We also ran Xen on CentOS for a while (i think we tried as from source and from repo) and i remember we sticked with 3.2 from Xensource there as well. But CentOS just drives you nuts after a while.
About KVM, its only VT right? Else your just running qemu, no?
In your case Xen still looks the best option without VT but remember that the open source Xen version doesn’t have PV drivers for Windows (at least it did not 1,5 year ago), if so CPU will be fine but network and disk i/o will be shabby.
Herman: I just did a quick google on ‘xen pv drivers windows’ and this brought up the following link:
http://wiki.xensource.com/xenwiki/XenWindowsGplPv
I guess that means that disk and network I/O shouldn’t be much of a problem anymore?
Then again, looking at the known issues: “0.9.8 appears to cause problems with BSOD’s and filesystem corruption under some circumstances”

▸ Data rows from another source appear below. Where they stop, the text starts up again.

(* Fix $k=1$ and $\epsilon$ with $0\le\epsilon\le1/2$, and assume $m^{\epsilon}\le\sqrt n$. Any deterministic coverage oracle that stores a datastructure of at most $b=nm^{1-2\epsilon}$ bits does not attain an approximation ratio of $O(m^{\epsilon-\delta})$ for any constant $\delta>0$.
   Context: A set system with $n$ items and $m$ sets is a pair $(\mathcal X,\mathcal I)$ with $\mathcal X=\{1,\dots,n\}$ and $\mathcal I$ an indexed family of $m$ subsets of $\mathcal X$. For $k\ge1$ and a query $Q\subseteq\mathcal X$, $OPT(k,\mathcal X,\mathcal I,Q)=\max\{|(\bigcup_{S\in\mathcal J}S)\cap Q| : \mathcal J\subseteq\mathcal I,|\mathcal J|\le k\}$. A deterministic coverage oracle consists of a deterministic static stage mapping $(n,m,k,(\mathcal X,\mathcal I))$ to a bit string $\mathcal D$ (the datastructure), and a deterministic dynamic stage mapping $(\mathcal D,Q)$, for $Q\subseteq\mathcal X$, to (indices of) $\mathcal J\subseteq\mathcal I$ with $|\mathcal J|\le k$, without access to $(\mathcal X,\mathcal I)$; $\mathcal A(k,\mathcal X,\mathcal I,Q)=|(\bigcup_{S\in\mathcal J}S)\cap Q|$. The approximation ratio is $\max OPT/\mathcal A$ over all set systems with $n$ items and $m$ sets and all queries $Q$. No computational restrictions are assumed. *)

From mathcomp Require Import all_boot.
From Stdlib Require Import Reals.

Set Implicit Arguments.
Unset Strict Implicit.
Unset Printing Implicit Defensive.

(* A set system with n items and m sets: items are 'I_n (= {1..n} shifted to
   {0..n-1}), and the indexed family of m subsets is a function 'I_m -> {set 'I_n}. *)
Definition setsys (n m : nat) := 'I_m -> {set 'I_n}.

Definition coverage (n m : nat) (I : setsys n m) (J : {set 'I_m}) (Q : {set 'I_n}) : nat :=
  #|(\bigcup_(j in J) I j) :&: Q|.

Definition OPT (n m k : nat) (I : setsys n m) (Q : {set 'I_n}) : nat :=
  \max_(J : {set 'I_m} | #|J| <= k) coverage I J Q.

(* A deterministic coverage oracle for fixed (n, m, k):
   static stage  : set system -> bit string (the datastructure D);
   dynamic stage : (D, Q) -> indices J of at most k sets
   (the dynamic stage has no access to the set system). *)
Definition valid_dynamic (n m k : nat) (dyn : seq bool -> {set 'I_n} -> {set 'I_m}) : Prop :=
  forall (D : seq bool) (Q : {set 'I_n}), #|dyn D Q| <= k.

Perhaps we should just start using Lotus Domino for Linux instead of the Windows version. Problem is, I don’t have any Domino experience, and my colleagues who do, don’t have that much experience with Linux. So we figured virtualisation could bring us the best of both worlds, saving us a lot of time.
But all in all I guess we’ll switch the dom0 from Ubuntu to Debian. This will have the extra benefit of being able to follow this (IMHO very promising) project:
http://hannibal.solstice.nl
Maybe in time, when all our hardware supports VT, we can make the switch to Ubuntu with KVM, but right now it’s just a bit too early.
Nice to see that things progress at least. If available I suggest running Xen 3.2 instead of 3.1, we didn’t have any stability problems with 3.2 yet.
Hannibal looks nice, from what I read quickly i like their approach. Although I didn’t take a look at the details yet.
Well… turns out we can’t use XEN after all. To use Windows you definitely need VT. So we’re now ‘stuck’ with VMware. I tried ESXi and to be honest – it works like a charm. Where I spend days trying to get XEN working (probably my bad), ESXi was set up in one evening, including a fully functional Win2003 vm. Just too bad VMware doesn’t have an Infrastructure Client for Linux, so I’m stuck with using RDP to connect to a Windows host and using the Infrastructure Client from there to connect to ESXi. So much for open source
Just buy a new server. Better then standarize on something you actually don’t want. It will haunt you later.
I just ordered a second server for KVM. So we can start migrating from Xen.